→ **PROVIDED RECORDS**:
· · ·
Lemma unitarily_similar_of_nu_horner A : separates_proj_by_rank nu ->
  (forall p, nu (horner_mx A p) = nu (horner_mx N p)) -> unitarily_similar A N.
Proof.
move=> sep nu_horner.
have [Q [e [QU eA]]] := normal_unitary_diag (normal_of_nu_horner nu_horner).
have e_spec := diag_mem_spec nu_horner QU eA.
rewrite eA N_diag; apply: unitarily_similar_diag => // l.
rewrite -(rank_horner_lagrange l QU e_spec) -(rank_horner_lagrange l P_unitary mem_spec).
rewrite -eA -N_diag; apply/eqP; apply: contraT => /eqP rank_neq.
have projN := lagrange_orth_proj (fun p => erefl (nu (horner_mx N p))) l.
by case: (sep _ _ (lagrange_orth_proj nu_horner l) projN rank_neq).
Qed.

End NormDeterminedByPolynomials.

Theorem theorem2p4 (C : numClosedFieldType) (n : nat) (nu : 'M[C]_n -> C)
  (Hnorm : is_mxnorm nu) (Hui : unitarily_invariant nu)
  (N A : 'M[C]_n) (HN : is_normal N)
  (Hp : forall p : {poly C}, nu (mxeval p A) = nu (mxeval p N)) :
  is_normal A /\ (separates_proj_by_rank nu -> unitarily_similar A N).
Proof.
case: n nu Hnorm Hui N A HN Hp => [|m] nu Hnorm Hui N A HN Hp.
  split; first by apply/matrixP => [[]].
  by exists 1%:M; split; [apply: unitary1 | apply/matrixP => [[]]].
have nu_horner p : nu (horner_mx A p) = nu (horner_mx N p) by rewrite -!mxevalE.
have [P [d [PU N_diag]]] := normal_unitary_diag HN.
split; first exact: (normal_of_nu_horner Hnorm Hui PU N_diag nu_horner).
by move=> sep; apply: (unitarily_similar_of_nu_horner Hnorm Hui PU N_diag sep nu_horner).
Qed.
· · ·
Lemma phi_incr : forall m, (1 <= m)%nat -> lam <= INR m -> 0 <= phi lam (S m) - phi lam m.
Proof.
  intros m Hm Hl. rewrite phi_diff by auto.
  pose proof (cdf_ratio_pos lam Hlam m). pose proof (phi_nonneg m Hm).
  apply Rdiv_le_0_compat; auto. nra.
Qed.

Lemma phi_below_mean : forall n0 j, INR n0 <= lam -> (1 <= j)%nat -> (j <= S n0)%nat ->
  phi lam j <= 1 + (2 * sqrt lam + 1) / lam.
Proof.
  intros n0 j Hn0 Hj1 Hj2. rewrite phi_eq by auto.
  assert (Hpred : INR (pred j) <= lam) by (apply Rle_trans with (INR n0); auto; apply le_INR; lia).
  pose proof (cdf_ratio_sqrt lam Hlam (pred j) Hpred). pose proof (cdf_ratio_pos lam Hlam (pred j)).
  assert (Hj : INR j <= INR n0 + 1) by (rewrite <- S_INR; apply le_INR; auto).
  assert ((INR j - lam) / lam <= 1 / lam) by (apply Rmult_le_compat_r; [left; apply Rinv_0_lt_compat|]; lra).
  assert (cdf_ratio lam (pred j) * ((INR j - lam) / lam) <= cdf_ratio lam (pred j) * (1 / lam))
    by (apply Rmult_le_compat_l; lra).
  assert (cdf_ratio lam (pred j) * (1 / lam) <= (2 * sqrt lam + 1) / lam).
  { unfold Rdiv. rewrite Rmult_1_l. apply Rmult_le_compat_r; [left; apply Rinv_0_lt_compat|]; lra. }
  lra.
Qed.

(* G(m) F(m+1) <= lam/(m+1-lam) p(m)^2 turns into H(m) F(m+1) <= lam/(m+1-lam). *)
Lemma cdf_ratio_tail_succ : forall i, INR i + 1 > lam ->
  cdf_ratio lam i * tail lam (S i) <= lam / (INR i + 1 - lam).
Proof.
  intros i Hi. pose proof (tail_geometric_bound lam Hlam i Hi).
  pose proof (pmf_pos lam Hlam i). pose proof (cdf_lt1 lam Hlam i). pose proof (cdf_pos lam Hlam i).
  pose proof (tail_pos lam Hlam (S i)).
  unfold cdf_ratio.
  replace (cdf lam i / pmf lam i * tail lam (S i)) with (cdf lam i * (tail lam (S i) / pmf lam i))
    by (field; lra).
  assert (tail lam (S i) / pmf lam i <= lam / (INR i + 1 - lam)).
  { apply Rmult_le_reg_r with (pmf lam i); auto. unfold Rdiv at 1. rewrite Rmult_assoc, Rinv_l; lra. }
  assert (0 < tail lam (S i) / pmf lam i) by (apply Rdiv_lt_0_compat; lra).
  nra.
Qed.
· · ·
→ **EXERCISE OBJECTIVE**: Look above for the line holding "by case: (sep". Print it and every line after it, exactly, through the line holding "split; first exact: (normal_of_nu_horner".

→ **ANSWER TO THIS EXERCISE**:
by case: (sep _ _ (lagrange_orth_proj nu_horner l) projN rank_neq).
Qed.

End NormDeterminedByPolynomials.

Theorem theorem2p4 (C : numClosedFieldType) (n : nat) (nu : 'M[C]_n -> C)
  (Hnorm : is_mxnorm nu) (Hui : unitarily_invariant nu)
  (N A : 'M[C]_n) (HN : is_normal N)
  (Hp : forall p : {poly C}, nu (mxeval p A) = nu (mxeval p N)) :
  is_normal A /\ (separates_proj_by_rank nu -> unitarily_similar A N).
Proof.
case: n nu Hnorm Hui N A HN Hp => [|m] nu Hnorm Hui N A HN Hp.
  split; first by apply/matrixP => [[]].
  by exists 1%:M; split; [apply: unitary1 | apply/matrixP => [[]]].
have nu_horner p : nu (horner_mx A p) = nu (horner_mx N p) by rewrite -!mxevalE.
have [P [d [PU N_diag]]] := normal_unitary_diag HN.
split; first exact: (normal_of_nu_horner Hnorm Hui PU N_diag nu_horner).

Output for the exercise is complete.